GPIO rotary volume
-
I tried following the guide here (https://gist.github.com/savetheclocktower/9b5f67c20f6c04e65ed88f2e594d43c1#file-monitor-volume-L1), but recalbox's file system seems different to retropie's. Also, does recalbox have systemd?
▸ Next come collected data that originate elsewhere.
(* Consider a (non-relational) refinement type system with judgments $\vdash e : T$ over types built from $\mathbb{N}$, function types $T\to U$ and refinements $\{x:T\mid\phi\}$, containing: (i) an application rule (from $\vdash e_1 : T\to U$ and $\vdash e_2:T$ infer $\vdash e_1\,e_2 : U$) and the typing $\vdash 0:\mathbb{N}$; (ii) a subsumption rule (from $\vdash e:T$ and $T\preceq U$ infer $\vdash e:U$); (iii) the subtyping equivalences $\{x:T\mid\phi\}\to\{y:U\mid\psi\}\simeq\{f:T\to U\mid \forall x:T.\ \phi\Rightarrow\psi[f\,x/y]\}$ and $T\simeq\{x:T\mid\top\}$, where $\simeq$ means subtyping in both directions; (iv) the rule of consequence $\{x:T\mid\phi\}\preceq\{x:T\mid\phi'\}$ whenever $\phi\Rightarrow\phi'$ is valid. Let $g$ be the recursive function $\mathtt{letrec}\ g\ x = \mathtt{case}\ x\ \mathtt{of}\ [0\Rightarrow 0 \mid s\,y \Rightarrow g\,x]$. Then: $g\,0$ evaluates to the value $0$; $g\,n$ diverges for every $n\neq 0$ (so $g$ satisfies the partial-correctness specification $\{x:\mathbb{N}\mid x\neq 0\}\to\{y:\mathbb{N}\mid\bot\}$); and if the system derives $\vdash g : \{x:\mathbb{N}\mid x\neq 0\}\to\{y:\mathbb{N}\mid\bot\}$, then it also derives $\vdash g\,0 : \{x:\mathbb{N}\mid\bot\}$, although $g\,0$ reduces to a value and no value satisfies $\bot$. Hence a logical (partial-correctness) interpretation of non-termination is inconsistent with semantic subtyping in the presence of refinements at higher types.
   Context: In a refinement type $\{x:T\mid\phi\}$, $\phi$ is a logical formula constraining $x$; $\bot$ is falsity and $\top$ truth. $\psi[f\,x/y]$ denotes substitution of $f\,x$ for $y$ in $\psi$. A type system is consistent in the intended sense if whenever $\vdash e:\{x:\mathbb{N}\mid\phi\}$ and $e$ reduces to a value $v$, then $\phi[v/x]$ holds. *)

From Stdlib Require Import Arith.

Definition var := nat.

Inductive expr : Type :=
| Var  : var -> expr
| Zero : expr
| Succ : expr -> expr
| App  : expr -> expr -> expr
| Lam  : var -> expr -> expr
| Fix  : var -> var -> expr -> expr            (* letrec f x = body *)
| Case : expr -> expr -> var -> expr -> expr.  (* case e of [0 => e0 | s y => e1] *)

Inductive ty : Type :=
| TNat : ty
| TArr : ty -> ty -> ty
| TRef : var -> ty -> form -> ty
with form : Type :=
| FTrue   : form
| FFalse  : form
| FEq     : expr -> expr -> form
| FImp    : form -> form -> form
| FForall : var -> ty -> form -> form.

Definition FNeq (a b : expr) : form := FImp (FEq a b) FFalse.

Fixpoint esubst (z : var) (t : expr) (e : expr) : expr :=
  match e with
  | Var w => if Nat.eqb w z then t else Var w
  | Zero => Zero
  | Succ e1 => Succ (esubst z t e1)
  | App e1 e2 => App (esubst z t e1) (esubst z t e2)
  | Lam x b => if Nat.eqb x z then Lam x b else Lam x (esubst z t b)
  | Fix f x b => if (Nat.eqb f z || Nat.eqb x z)%bool then Fix f x b
                 else Fix f x (esubst z t b)
  | Case e0 e1 y e2 => Case (esubst z t e0) (esubst z t e1) y
                         (if Nat.eqb y z then e2 else esubst z t e2)
  end.

Fixpoint tsubst (z : var) (t : expr) (T : ty) : ty :=
  match T with
  | TNat => TNat
  | TArr A B => TArr (tsubst z t A) (tsubst z t B)
  | TRef x A phi => TRef x (tsubst z t A)
                      (if Nat.eqb x z then phi else fsubst z t phi)
  end
with fsubst (z : var) (t : expr) (phi : form) : form :=
  match phi with
  | FTrue => FTrue
  | FFalse => FFalse
  | FEq a b => FEq (esubst z t a) (esubst z t b)
  | FImp p q => FImp (fsubst z t p) (fsubst z t q)
  | FForall x A p => FForall x (tsubst z t A)
                       (if Nat.eqb x z then p else fsubst z t p)
  end.

Fixpoint efree (z : var) (e : expr) : bool :=
  match e with
  | Var w => Nat.eqb w z
  | Zero => false
  | Succ e1 => efree z e1
  | App e1 e2 => efree z e1 || efree z e2
  | Lam x b => negb (Nat.eqb x z) && efree z b
  | Fix f x b => negb (Nat.eqb f z || Nat.eqb x z) && efree z b
  | Case e0 e1 y e2 => efree z e0 || efree z e1 || (negb (Nat.eqb y z) && efree z e2)
  end%bool.

Fixpoint tfree (z : var) (T : ty) : bool :=
  match T with
  | TNat => false
  | TArr A B => tfree z A || tfree z B
  | TRef x A phi => tfree z A || (negb (Nat.eqb x z) && ffree z phi)
  end%bool
with ffree (z : var) (phi : form) : bool :=
  match phi with
  | FTrue | FFalse => false
  | FEq a b => efree z a || efree z b
  | FImp p q => ffree z p || ffree z q
  | FForall x A p => tfree z A || (negb (Nat.eqb x z) && ffree z p)
  end%bool.

Inductive eval : expr -> expr -> Prop :=
| ev_zero : eval Zero Zero
| ev_succ : forall e v, eval e v -> eval (Succ e) (Succ v)
| ev_lam  : forall x b, eval (Lam x b) (Lam x b)
| ev_fix  : forall f x b, eval (Fix f x b) (Fix f x b)
| ev_app_lam : forall e1 e2 x b v r,
    eval e1 (Lam x b) -> eval e2 v -> eval (esubst x v b) r -> eval (App e1 e2) r
| ev_app_fix : forall e1 e2 f x b v r,
    eval e1 (Fix f x b) -> eval e2 v ->
    eval (esubst x v (esubst f (Fix f x b) b)) r -> eval (App e1 e2) r
| ev_case_zero : forall e e0 y e1 r,
    eval e Zero -> eval e0 r -> eval (Case e e0 y e1) r
| ev_case_succ : forall e e0 y e1 v r,
    eval e (Succ v) -> eval (esubst y v e1) r -> eval (Case e e0 y e1) r.

Fixpoint numeral (n : nat) : expr :=
  match n with O => Zero | S m => Succ (numeral m) end.

Definition diverges (e : expr) : Prop := ~ exists v, eval e v.

Definition env := var -> expr.
Definition upd (rho : env) (x : var) (v : expr) : env :=
  fun z => if Nat.eqb z x then v else rho z.

Fixpoint msubst (rho : env) (e : expr) : expr :=
  match e with
  | Var w => rho w
  | Zero => Zero
  | Succ e1 => Succ (msubst rho e1)
  | App e1 e2 => App (msubst rho e1) (msubst rho e2)
  | Lam x b => Lam x (msubst (upd rho x (Var x)) b)
  | Fix f x b => Fix f x (msubst (upd (upd rho f (Var f)) x (Var x)) b)
  | Case e0 e1 y e2 => Case (msubst rho e0) (msubst rho e1) y
                         (msubst (upd rho y (Var y)) e2)
  end.

Definition is_fun (v : expr) : Prop :=
  match v with Lam _ _ | Fix _ _ _ => True | _ => False end.

(* Partial-correctness semantics of types (sets of closed values) and of formulas. *)
Fixpoint in_ty (rho : env) (T : ty) (v : expr) {struct T} : Prop :=
  match T with
  | TNat => exists n, v = numeral n
  | TArr A B => is_fun v /\
      forall w, in_ty rho A w -> forall r, eval (App v w) r -> in_ty rho B r
  | TRef x A phi => in_ty rho A v /\ sat (upd rho x v) phi
  end
with sat (rho : env) (phi : form) {struct phi} : Prop :=
  match phi with
  | FTrue => True
  | FFalse => False
  | FEq a b => exists v, eval (msubst rho a) v /\ eval (msubst rho b) v
  | FImp p q => sat rho p -> sat rho q
  | FForall x A p => forall v, in_ty rho A v -> sat (upd rho x v) p
  end.

Definition valid_imp (x : var) (T : ty) (phi phi' : form) : Prop :=
  forall rho v, in_ty rho T v -> sat (upd rho x v) phi -> sat (upd rho x v) phi'.

(* letrec g x = case x of [0 => 0 | s y => g x]   (g = 0, x = 1, y = 2) *)
Definition vg : var := 0.
Definition vx : var := 1.
Definition vy : var := 2.
Definition g_fun : expr := Fix vg vx (Case (Var vx) Zero vy (App (Var vg) (Var vx))).

Definition g_spec : ty := TArr (TRef vx TNat (FNeq (Var vx) Zero)) (TRef vy TNat FFalse).
(* {y:N | False}, alpha-equivalent to the paper's {x:N | False} *)
Definition bot_nat : ty := TRef vy TNat FFalse.

(* g 0 returns 0 at once, while on s m the body of g unfolds in two evaluation
   steps back to the call g (s m), so no finite derivation of its evaluation
   exists and the specification {x:N | x <> 0} -> {y:N | False} holds in the
   partial-correctness sense.  The arrow equivalence turns that specification
   into the refinement  forall x:N. x <> 0 => False  on g, which is itself
   false (take x = 1) and hence implies, by the rule of consequence, the
   refinement  forall x:N. True => False.  Turning it back into an arrow types
   g at {x:N | True} -> {y:N | False}, and 0 : {x:N | True}. *)
From Stdlib Require Import Arith.

Lemma eval_numeral_inv n v : eval (numeral n) v -> v = numeral n.
Proof.
  revert v; induction n as [|n IH]; intros v Hv; inversion Hv; subst; simpl.
  - reflexivity.
  - f_equal; auto.
Qed.

Lemma esubst_numeral z t n : esubst z t (numeral n) = numeral n.
Proof. induction n as [|n IH]; simpl; congruence. Qed.

Lemma g_fun_zero : eval (App g_fun Zero) Zero.
Proof.
  eapply ev_app_fix; [constructor | constructor |].
  simpl; apply ev_case_zero; constructor.
Qed.

(* The two expressions the evaluation of g (s m) cycles through. *)
Definition g_loop_state (m : nat) (e : expr) : Prop :=
  e = App g_fun (numeral (S m)) \/
  e = Case (numeral (S m)) Zero vy (App g_fun (numeral (S m))).

Lemma g_loop_state_no_eval e r : eval e r -> forall m, ~ g_loop_state m e.
Proof.
  induction 1 as [| | | |e1 e2 x b v r H1 _ _ _ _ _
                  |e1 e2 f x b v r H1 _ H2 _ _ IHb
                  |e e0 y e1 r He _ _ _|e e0 y e1 v r He _ _ IHb];
    intros m [E | E]; try discriminate E.
  - injection E as -> ->; inversion H1.
  - injection E as -> ->; inversion H1; subst.
    apply (eval_numeral_inv (S m)) in H2; subst v.
    apply (IHb m); right; reflexivity.
  - injection E as -> -> -> ->.
    apply (eval_numeral_inv (S m)) in He; discriminate He.
  - injection E as -> -> -> ->.
    apply (eval_numeral_inv (S m)) in He; injection He as ->.
    apply (IHb m); left; simpl; rewrite esubst_numeral; reflexivity.
Qed.

Lemma g_fun_diverges n : n <> 0 -> diverges (App g_fun (numeral n)).
Proof.
  destruct n as [|m]; [congruence|].
  intros _ [r Hr]; apply (g_loop_state_no_eval _ _ Hr m); left; reflexivity.
Qed.

Lemma g_fun_in_spec rho : in_ty rho g_spec g_fun.
Proof.
  split; [exact I|].
  intros w [[[|m] ->] Hneq] r Hr; exfalso.
  - apply Hneq; exists Zero; split; constructor.
  - apply (g_fun_diverges (S m)); [discriminate | exists r; exact Hr].
Qed.

Lemma bot_nat_empty rho v : ~ in_ty rho bot_nat v.
Proof. intros [_ []]. Qed.

Lemma valid_imp_of_unsat x T phi phi' :
  (forall rho v, in_ty rho T v -> ~ sat (upd rho x v) phi) ->
  valid_imp x T phi phi'.
Proof. intros Hunsat rho v HT Hphi; contradiction (Hunsat rho v HT Hphi). Qed.

Lemma nonzero_nat_refutable x rho :
  ~ sat rho (FForall x TNat (FImp (FNeq (Var x) Zero) FFalse)).
Proof.
  intros H; apply (H (numeral 1)); [exists 1; reflexivity|].
  intros [v [H1 H0]]; simpl in H1, H0.
  unfold upd in H1; rewrite Nat.eqb_refl in H1.
  inversion H0; subst; inversion H1.
Qed.

Definition arrow_refinement (x : var) (T : ty) (phi : form) (y : var) (f : var)
  (psi : form) : form :=
  FForall x T (FImp phi (fsubst y (App (Var f) (Var x)) psi)).

Section RefinementTyping.

Variable typ : expr -> ty -> Prop.
Variable sub : ty -> ty -> Prop.

Hypothesis typ_app : forall e1 e2 T U,
  typ e1 (TArr T U) -> typ e2 T -> typ (App e1 e2) U.
Hypothesis typ_zero : typ Zero TNat.
Hypothesis typ_sub : forall e T U, typ e T -> sub T U -> typ e U.
Hypothesis sub_arrow_refinement : forall x T phi y U psi f,
  f <> x -> ffree f phi = false -> ffree f psi = false ->
  sub (TArr (TRef x T phi) (TRef y U psi))
      (TRef f (TArr T U) (arrow_refinement x T phi y f psi)) /\
  sub (TRef f (TArr T U) (arrow_refinement x T phi y f psi))
      (TArr (TRef x T phi) (TRef y U psi)).
Hypothesis sub_true_refinement : forall x T,
  sub T (TRef x T FTrue) /\ sub (TRef x T FTrue) T.
Hypothesis sub_consequence : forall x T phi phi',
  valid_imp x T phi phi' -> sub (TRef x T phi) (TRef x T phi').

Lemma typ_arrow_consequence e f x T phi phi' y U psi psi' :
  f <> x ->
  ffree f phi = false -> ffree f psi = false ->
  ffree f phi' = false -> ffree f psi' = false ->
  valid_imp f (TArr T U) (arrow_refinement x T phi y f psi)
                         (arrow_refinement x T phi' y f psi') ->
  typ e (TArr (TRef x T phi) (TRef y U psi)) ->
  typ e (TArr (TRef x T phi') (TRef y U psi')).
Proof.
  intros Hfx Hphi Hpsi Hphi' Hpsi' Hvalid He.
  assert (Hrefined : typ e (TRef f (TArr T U) (arrow_refinement x T phi y f psi))).
  { exact (typ_sub _ _ _ He
             (proj1 (sub_arrow_refinement x T phi y U psi f Hfx Hphi Hpsi))). }
  apply (typ_sub _ _ _ (typ_sub _ _ _ Hrefined (sub_consequence _ _ _ _ Hvalid))).
  exact (proj2 (sub_arrow_refinement x T phi' y U psi' f Hfx Hphi' Hpsi')).
Qed.

Lemma typ_app_true_refinement e1 e2 x T U :
  typ e1 (TArr (TRef x T FTrue) U) -> typ e2 T -> typ (App e1 e2) U.
Proof.
  intros H1 H2; apply (typ_app _ _ _ _ H1).
  exact (typ_sub _ _ _ H2 (proj1 (sub_true_refinement x T))).
Qed.

Lemma typ_g_fun_zero_bot : typ g_fun g_spec -> typ (App g_fun Zero) bot_nat.
Proof.
  intros Hg; apply typ_app_true_refinement with (x := vx) (T := TNat);
    [| exact typ_zero].
  apply (typ_arrow_consequence g_fun vg vx TNat (FNeq (Var vx) Zero) FTrue
           vy TNat FFalse FFalse); try reflexivity; [discriminate | | exact Hg].
  apply valid_imp_of_unsat; intros rho v _.
  exact (nonzero_nat_refutable vx (upd rho vg v)).
Qed.

End RefinementTyping.

Theorem mainTheorem2 :
  eval (App g_fun Zero) Zero /\
  (forall n, n <> 0 -> diverges (App g_fun (numeral n))) /\
  (forall rho, in_ty rho g_spec g_fun) /\
  (forall rho v, ~ in_ty rho bot_nat v) /\
  (forall (typ : expr -> ty -> Prop) (sub : ty -> ty -> Prop),
     (forall e1 e2 T U, typ e1 (TArr T U) -> typ e2 T -> typ (App e1 e2) U) ->
     typ Zero TNat ->
     (forall e T U, typ e T -> sub T U -> typ e U) ->
     (forall x T phi y U psi f,
        f <> x -> ffree f phi = false -> ffree f psi = false ->
        sub (TArr (TRef x T phi) (TRef y U psi))
            (TRef f (TArr T U)
               (FForall x T (FImp phi (fsubst y (App (Var f) (Var x)) psi)))) /\
        sub (TRef f (TArr T U)
               (FForall x T (FImp phi (fsubst y (App (Var f) (Var x)) psi))))
            (TArr (TRef x T phi) (TRef y U psi))) ->
     (forall x T, sub T (TRef x T FTrue) /\ sub (TRef x T FTrue) T) ->
     (forall x T phi phi', valid_imp x T phi phi' -> sub (TRef x T phi) (TRef x T phi')) ->
     typ g_fun g_spec -> typ (App g_fun Zero) bot_nat).
Proof.
  split; [exact g_fun_zero|].
  split; [exact g_fun_diverges|].
  split; [exact g_fun_in_spec|].
  split; [exact bot_nat_empty|].
  intros typ sub Happ Hzero Hsub Harr Htrue Hcons.
  exact (typ_g_fun_zero_bot typ sub Happ Hzero Hsub Harr Htrue Hcons).
Qed.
Here's my terminal output following the guide, so you see how I failed.
# mkdir ~/bin
# echo $PATH
/bin:/sbin:/usr/bin:/usr/sbin
-sh: /bin:/sbin:/usr/bin:/usr/sbin: No such file or directory
# nano ~/bin/monitor-volume
# chmod +x ~/bin/monitor-volume
# nano ~/monitor-volume.service
# monitor-volume
-sh: monitor-volume: command not found
-sh: -sh:: command not found
# nano ~/monitor-volume.service
# chmod +x ~/monitor-volume.service
mv ~/monitor-volume.service /etc/systemd/system
mv: can't rename '/recalbox/share/system/monitor-volume.service': No such file or directory
Maybe you can figure out whats wrong @Substring ? I'm sure its trivial.
-
Hello @dh04000
substring is in holidays.`But If I will had rotary volume , I try this idea.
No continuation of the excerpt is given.